PROBLEM TO SOLVE: Stop after the line containing "move=> w [Aw Xio]."; retype every line of the data before it exactly, starting from the first.

(Collected data entries)
++++++++

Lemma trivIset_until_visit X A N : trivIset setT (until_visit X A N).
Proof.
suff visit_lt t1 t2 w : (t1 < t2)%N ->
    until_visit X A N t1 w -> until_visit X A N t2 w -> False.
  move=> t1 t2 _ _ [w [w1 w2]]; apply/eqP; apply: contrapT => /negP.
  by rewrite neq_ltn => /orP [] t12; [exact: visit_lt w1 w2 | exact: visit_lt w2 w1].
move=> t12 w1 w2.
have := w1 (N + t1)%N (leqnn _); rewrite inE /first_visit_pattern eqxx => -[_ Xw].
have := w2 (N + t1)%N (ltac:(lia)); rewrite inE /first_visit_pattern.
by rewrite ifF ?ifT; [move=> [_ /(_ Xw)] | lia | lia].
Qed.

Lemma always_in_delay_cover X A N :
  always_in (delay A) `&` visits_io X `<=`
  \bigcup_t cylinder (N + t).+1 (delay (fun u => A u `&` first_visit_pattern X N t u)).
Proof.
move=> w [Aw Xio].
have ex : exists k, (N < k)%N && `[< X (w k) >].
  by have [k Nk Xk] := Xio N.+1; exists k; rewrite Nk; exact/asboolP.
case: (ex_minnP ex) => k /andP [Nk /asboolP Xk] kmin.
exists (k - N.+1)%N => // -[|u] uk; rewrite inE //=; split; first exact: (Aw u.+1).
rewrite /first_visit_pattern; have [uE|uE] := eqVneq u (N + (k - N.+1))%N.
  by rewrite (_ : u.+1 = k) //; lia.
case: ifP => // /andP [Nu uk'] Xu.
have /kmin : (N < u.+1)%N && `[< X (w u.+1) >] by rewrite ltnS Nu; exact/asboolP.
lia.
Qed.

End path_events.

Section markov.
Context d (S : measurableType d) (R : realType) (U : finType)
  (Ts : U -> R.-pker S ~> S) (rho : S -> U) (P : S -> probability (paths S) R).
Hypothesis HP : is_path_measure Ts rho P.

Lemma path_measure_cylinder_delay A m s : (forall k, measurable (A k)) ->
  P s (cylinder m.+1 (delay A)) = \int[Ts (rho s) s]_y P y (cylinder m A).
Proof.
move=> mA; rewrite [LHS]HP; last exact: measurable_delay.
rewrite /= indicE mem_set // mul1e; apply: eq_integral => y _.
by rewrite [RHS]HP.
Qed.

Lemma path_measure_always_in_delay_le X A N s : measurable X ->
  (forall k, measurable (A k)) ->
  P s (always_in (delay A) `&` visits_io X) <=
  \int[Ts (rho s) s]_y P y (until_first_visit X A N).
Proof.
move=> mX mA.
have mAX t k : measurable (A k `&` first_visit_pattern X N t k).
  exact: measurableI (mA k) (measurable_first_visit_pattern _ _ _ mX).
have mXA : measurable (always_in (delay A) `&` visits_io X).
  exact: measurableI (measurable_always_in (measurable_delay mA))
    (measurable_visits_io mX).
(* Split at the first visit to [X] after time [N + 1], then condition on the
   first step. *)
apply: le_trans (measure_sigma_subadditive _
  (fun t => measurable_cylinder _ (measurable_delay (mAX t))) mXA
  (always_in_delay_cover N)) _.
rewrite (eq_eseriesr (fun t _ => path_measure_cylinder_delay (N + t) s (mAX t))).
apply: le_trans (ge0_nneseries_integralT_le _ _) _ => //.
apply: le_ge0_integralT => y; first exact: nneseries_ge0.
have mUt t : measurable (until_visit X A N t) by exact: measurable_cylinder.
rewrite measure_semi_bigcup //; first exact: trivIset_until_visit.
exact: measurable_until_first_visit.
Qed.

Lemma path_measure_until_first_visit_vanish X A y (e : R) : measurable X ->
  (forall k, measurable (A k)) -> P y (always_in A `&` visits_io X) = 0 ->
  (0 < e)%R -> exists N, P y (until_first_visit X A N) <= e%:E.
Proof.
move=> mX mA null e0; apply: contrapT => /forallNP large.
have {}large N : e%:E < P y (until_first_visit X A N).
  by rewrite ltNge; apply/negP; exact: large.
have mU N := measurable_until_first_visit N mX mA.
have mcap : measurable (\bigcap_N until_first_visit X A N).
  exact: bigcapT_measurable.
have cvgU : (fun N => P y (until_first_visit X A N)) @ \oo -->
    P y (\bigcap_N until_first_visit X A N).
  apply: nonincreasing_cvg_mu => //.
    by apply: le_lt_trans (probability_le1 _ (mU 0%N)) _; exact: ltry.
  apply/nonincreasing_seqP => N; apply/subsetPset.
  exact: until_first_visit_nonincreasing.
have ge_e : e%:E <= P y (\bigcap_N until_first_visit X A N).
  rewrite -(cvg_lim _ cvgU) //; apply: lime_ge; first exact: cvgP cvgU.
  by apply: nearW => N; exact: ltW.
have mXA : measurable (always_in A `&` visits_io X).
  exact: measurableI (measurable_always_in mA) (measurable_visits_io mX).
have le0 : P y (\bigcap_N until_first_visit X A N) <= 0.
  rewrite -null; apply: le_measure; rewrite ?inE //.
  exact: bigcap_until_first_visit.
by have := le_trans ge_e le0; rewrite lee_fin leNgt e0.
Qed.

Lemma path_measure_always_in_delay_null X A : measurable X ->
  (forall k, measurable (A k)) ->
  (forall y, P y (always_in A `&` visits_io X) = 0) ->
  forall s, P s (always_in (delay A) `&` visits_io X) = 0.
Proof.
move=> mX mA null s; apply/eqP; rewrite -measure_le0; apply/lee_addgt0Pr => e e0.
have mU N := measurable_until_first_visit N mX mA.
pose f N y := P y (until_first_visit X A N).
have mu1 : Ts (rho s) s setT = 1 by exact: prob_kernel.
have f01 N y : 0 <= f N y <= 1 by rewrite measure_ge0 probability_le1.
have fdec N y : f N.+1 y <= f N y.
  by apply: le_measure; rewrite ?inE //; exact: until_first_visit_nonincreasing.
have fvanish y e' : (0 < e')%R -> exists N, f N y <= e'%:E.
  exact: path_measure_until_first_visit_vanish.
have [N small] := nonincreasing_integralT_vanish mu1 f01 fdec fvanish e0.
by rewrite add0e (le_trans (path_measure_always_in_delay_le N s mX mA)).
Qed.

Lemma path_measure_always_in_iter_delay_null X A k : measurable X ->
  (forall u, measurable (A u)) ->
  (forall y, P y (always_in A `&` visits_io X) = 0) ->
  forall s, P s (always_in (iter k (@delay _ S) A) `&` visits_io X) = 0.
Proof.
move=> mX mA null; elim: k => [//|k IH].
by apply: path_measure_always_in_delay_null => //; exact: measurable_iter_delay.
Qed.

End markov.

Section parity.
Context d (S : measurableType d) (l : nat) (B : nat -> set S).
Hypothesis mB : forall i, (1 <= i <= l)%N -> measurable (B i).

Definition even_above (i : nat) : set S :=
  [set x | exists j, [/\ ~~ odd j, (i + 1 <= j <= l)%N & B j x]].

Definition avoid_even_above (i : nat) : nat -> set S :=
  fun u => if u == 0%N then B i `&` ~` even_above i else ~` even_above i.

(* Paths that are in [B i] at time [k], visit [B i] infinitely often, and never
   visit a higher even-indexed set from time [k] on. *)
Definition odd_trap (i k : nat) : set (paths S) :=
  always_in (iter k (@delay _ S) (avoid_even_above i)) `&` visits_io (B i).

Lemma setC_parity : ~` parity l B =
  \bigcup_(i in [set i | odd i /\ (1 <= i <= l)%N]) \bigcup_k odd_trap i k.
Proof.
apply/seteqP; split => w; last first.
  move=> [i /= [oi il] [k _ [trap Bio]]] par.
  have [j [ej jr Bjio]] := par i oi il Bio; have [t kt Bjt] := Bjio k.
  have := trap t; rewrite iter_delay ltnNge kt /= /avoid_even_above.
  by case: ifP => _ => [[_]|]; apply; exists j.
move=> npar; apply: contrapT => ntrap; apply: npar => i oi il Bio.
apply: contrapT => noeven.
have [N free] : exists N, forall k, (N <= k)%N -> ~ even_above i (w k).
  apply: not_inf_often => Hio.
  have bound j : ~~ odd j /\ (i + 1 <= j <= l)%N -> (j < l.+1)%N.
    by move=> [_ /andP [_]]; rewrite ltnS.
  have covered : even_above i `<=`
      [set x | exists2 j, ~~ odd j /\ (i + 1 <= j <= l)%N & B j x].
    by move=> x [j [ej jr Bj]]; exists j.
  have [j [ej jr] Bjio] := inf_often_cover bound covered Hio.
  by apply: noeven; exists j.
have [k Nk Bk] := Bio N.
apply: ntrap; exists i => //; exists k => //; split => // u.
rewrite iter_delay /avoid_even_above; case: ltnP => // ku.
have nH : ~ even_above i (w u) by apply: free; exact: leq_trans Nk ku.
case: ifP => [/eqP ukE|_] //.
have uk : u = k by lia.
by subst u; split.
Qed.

++++++++

OUTPUT BELOW:
Lemma trivIset_until_visit X A N : trivIset setT (until_visit X A N).
Proof.
suff visit_lt t1 t2 w : (t1 < t2)%N ->
    until_visit X A N t1 w -> until_visit X A N t2 w -> False.
  move=> t1 t2 _ _ [w [w1 w2]]; apply/eqP; apply: contrapT => /negP.
  by rewrite neq_ltn => /orP [] t12; [exact: visit_lt w1 w2 | exact: visit_lt w2 w1].
move=> t12 w1 w2.
have := w1 (N + t1)%N (leqnn _); rewrite inE /first_visit_pattern eqxx => -[_ Xw].
have := w2 (N + t1)%N (ltac:(lia)); rewrite inE /first_visit_pattern.
by rewrite ifF ?ifT; [move=> [_ /(_ Xw)] | lia | lia].
Qed.

Lemma always_in_delay_cover X A N :
  always_in (delay A) `&` visits_io X `<=`
  \bigcup_t cylinder (N + t).+1 (delay (fun u => A u `&` first_visit_pattern X N t u)).
Proof.
move=> w [Aw Xio].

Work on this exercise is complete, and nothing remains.